## WHAT IS EXPECTED
Your job is to copy all the entries precisely as they stand.

## PROVIDED RECORDS
Definition certificate10 : certificate := {|
  cert_den := 5374720;
  cert_scale := 4844065189688447048467345302147301742264621;
  cert_map := [
    [15859623; -264537; -264537; -264537; -264537; -264537; -264537; -264537; -264537; -264537;
     -240345];
    [-2909907; 13214253; -2909907; -2909907; -2909907; -2909907; -2909907; -2909907; -2909907;
     -2909907; -2885715];
    [11639628; 11639628; 27763788; 11639628; 11639628; 11639628; 11639628; 11639628; 11639628;
     11639628; 10333260];
    [50438388; 50438388; 50438388; 66562548; 50438388; 50438388; 50438388; 50438388; 50438388;
     50438388; 50019060];
    [-75657582; -75657582; -75657582; -75657582; -59533422; -75657582; -75657582; -75657582;
     -75657582; -75657582; -64545390];
    [-226972746; -226972746; -226972746; -226972746; -226972746; -210848586; -226972746; -226972746;
     -226972746; -226972746; -225085770];
    [151315164; 151315164; 151315164; 151315164; 151315164; 151315164; 167439324; 151315164;
     151315164; 151315164; 118607580];
    [367479684; 367479684; 367479684; 367479684; 367479684; 367479684; 367479684; 383603844;
     367479684; 367479684; 364424580];
    [-91869921; -91869921; -91869921; -91869921; -91869921; -91869921; -91869921; -91869921;
     -75745761; -91869921; -52917345];
    [-193947611; -193947611; -193947611; -193947611; -193947611; -193947611; -193947611; -193947611;
     -193947611; -177823451; -192335195]];
  cert_squares := [
    (131426755475312005768618402823372108484197815523737600,
     [0; 129623130; -87738105; 129623130; -105285726; 129623130; -112806135; 129623130; -116984140;
      129623130; -119630085]);
    (1469203923734461421334427404614777009115234304,
     [0; 704285673000; 3597262305; 416101093317; 4316714766; 292593416310; 4625051535; 223978040195;
      4796349740; 180313709940; 4875451245]);
    (204585302077614247179069224475804718819180544,
     [0; 0; 940709885115; 7913977071; 774696780858; 11305681530; 619225669205; 13189961785;
      503041795620; 14389049220; 416739943935]);
    (5318427709494512865306331044007720179403325440,
     [0; 0; 0; 95363610771; 1130568153; 104236794805; 1884280255; 97854293810; 2398174870;
      88809072870; 2739710610]);
    (975741333507086465656939076555988336535142400,
     [0; 0; 0; 0; 104642518981; 1884280255; 135873446475; 3597262305; 138979668030; 4980824730;
      132179887770]);
    (57357253804246160048459041027084811867704524800,
     [0; 0; 0; 0; 0; 7210186880; 171298205; 11436556285; 368949980; 13471065132; 539717850]);
    (1918278067786624221286208217825181925144336033382400,
     [0; 0; 0; 0; 0; 0; 17195755; 693515; 29851524; 1664436; 37161270]);
    (18444446192170860888225261017672397239229612032000,
     [0; 0; 0; 0; 0; 0; 0; 98330567; 5270714; 203705802; 12483270]);
    (2215137651272446929838955682192641935927146866278400,
     [0; 0; 0; 0; 0; 0; 0; 0; 3046897; 465063; 7216335]);
    (9880230553340592856988824974978902727163605089267988873137356800,
     [0; 0; 0; 0; 0; 0; 0; 0; 0; 1; 0])];
  cert_multiplier :=
    [2225230732078628354345089670999847253197328791151461208828748759040000;
     2202753653976824027533523108666515462760992136695385843083003822080000;
     -756728296094079002656074265222170278023334033354537313440079544320000;
     2202753653976824027533523108666515462760992136695385843083003822080000;
     -1353120101728620474056307052466573784267466598255737017893845204992000;
     2202753653976824027533523108666515462760992136695385843083003822080000;
     -1608716589857709676084978246999889572657809126070536891231173345280000;
     2202753653976824027533523108666515462760992136695385843083003822080000;
     -1750714638818314788323128910629509455096888308189870154196355645440000;
     2202753653976824027533523108666515462760992136695385843083003822080000;
     -1840890166651954252319325427032320033308243850087777224232278425600000] |}.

## TASK SOLUTION
Definition certificate10 : certificate := {|
  cert_den := 5374720;
  cert_scale := 4844065189688447048467345302147301742264621;
  cert_map := [
    [15859623; -264537; -264537; -264537; -264537; -264537; -264537; -264537; -264537; -264537;
     -240345];
    [-2909907; 13214253; -2909907; -2909907; -2909907; -2909907; -2909907; -2909907; -2909907;
     -2909907; -2885715];
    [11639628; 11639628; 27763788; 11639628; 11639628; 11639628; 11639628; 11639628; 11639628;
     11639628; 10333260];
    [50438388; 50438388; 50438388; 66562548; 50438388; 50438388; 50438388; 50438388; 50438388;
     50438388; 50019060];
    [-75657582; -75657582; -75657582; -75657582; -59533422; -75657582; -75657582; -75657582;
     -75657582; -75657582; -64545390];
    [-226972746; -226972746; -226972746; -226972746; -226972746; -210848586; -226972746; -226972746;
     -226972746; -226972746; -225085770];
    [151315164; 151315164; 151315164; 151315164; 151315164; 151315164; 167439324; 151315164;
     151315164; 151315164; 118607580];
    [367479684; 367479684; 367479684; 367479684; 367479684; 367479684; 367479684; 383603844;
     367479684; 367479684; 364424580];
    [-91869921; -91869921; -91869921; -91869921; -91869921; -91869921; -91869921; -91869921;
     -75745761; -91869921; -52917345];
    [-193947611; -193947611; -193947611; -193947611; -193947611; -193947611; -193947611; -193947611;
     -193947611; -177823451; -192335195]];
  cert_squares := [
    (131426755475312005768618402823372108484197815523737600,
     [0; 129623130; -87738105; 129623130; -105285726; 129623130; -112806135; 129623130; -116984140;
      129623130; -119630085]);
    (1469203923734461421334427404614777009115234304,
     [0; 704285673000; 3597262305; 416101093317; 4316714766; 292593416310; 4625051535; 223978040195;
      4796349740; 180313709940; 4875451245]);
    (204585302077614247179069224475804718819180544,
     [0; 0; 940709885115; 7913977071; 774696780858; 11305681530; 619225669205; 13189961785;
      503041795620; 14389049220; 416739943935]);
    (5318427709494512865306331044007720179403325440,
     [0; 0; 0; 95363610771; 1130568153; 104236794805; 1884280255; 97854293810; 2398174870;
      88809072870; 2739710610]);
    (975741333507086465656939076555988336535142400,
     [0; 0; 0; 0; 104642518981; 1884280255; 135873446475; 3597262305; 138979668030; 4980824730;
      132179887770]);
    (57357253804246160048459041027084811867704524800,
     [0; 0; 0; 0; 0; 7210186880; 171298205; 11436556285; 368949980; 13471065132; 539717850]);
    (1918278067786624221286208217825181925144336033382400,
     [0; 0; 0; 0; 0; 0; 17195755; 693515; 29851524; 1664436; 37161270]);
    (18444446192170860888225261017672397239229612032000,
     [0; 0; 0; 0; 0; 0; 0; 98330567; 5270714; 203705802; 12483270]);
    (2215137651272446929838955682192641935927146866278400,
     [0; 0; 0; 0; 0; 0; 0; 0; 3046897; 465063; 7216335]);
    (9880230553340592856988824974978902727163605089267988873137356800,
     [0; 0; 0; 0; 0; 0; 0; 0; 0; 1; 0])];
  cert_multiplier :=
    [2225230732078628354345089670999847253197328791151461208828748759040000;
     2202753653976824027533523108666515462760992136695385843083003822080000;
     -756728296094079002656074265222170278023334033354537313440079544320000;
     2202753653976824027533523108666515462760992136695385843083003822080000;
     -1353120101728620474056307052466573784267466598255737017893845204992000;
     2202753653976824027533523108666515462760992136695385843083003822080000;
     -1608716589857709676084978246999889572657809126070536891231173345280000;
     2202753653976824027533523108666515462760992136695385843083003822080000;
     -1750714638818314788323128910629509455096888308189870154196355645440000;
     2202753653976824027533523108666515462760992136695385843083003822080000;
     -1840890166651954252319325427032320033308243850087777224232278425600000] |}.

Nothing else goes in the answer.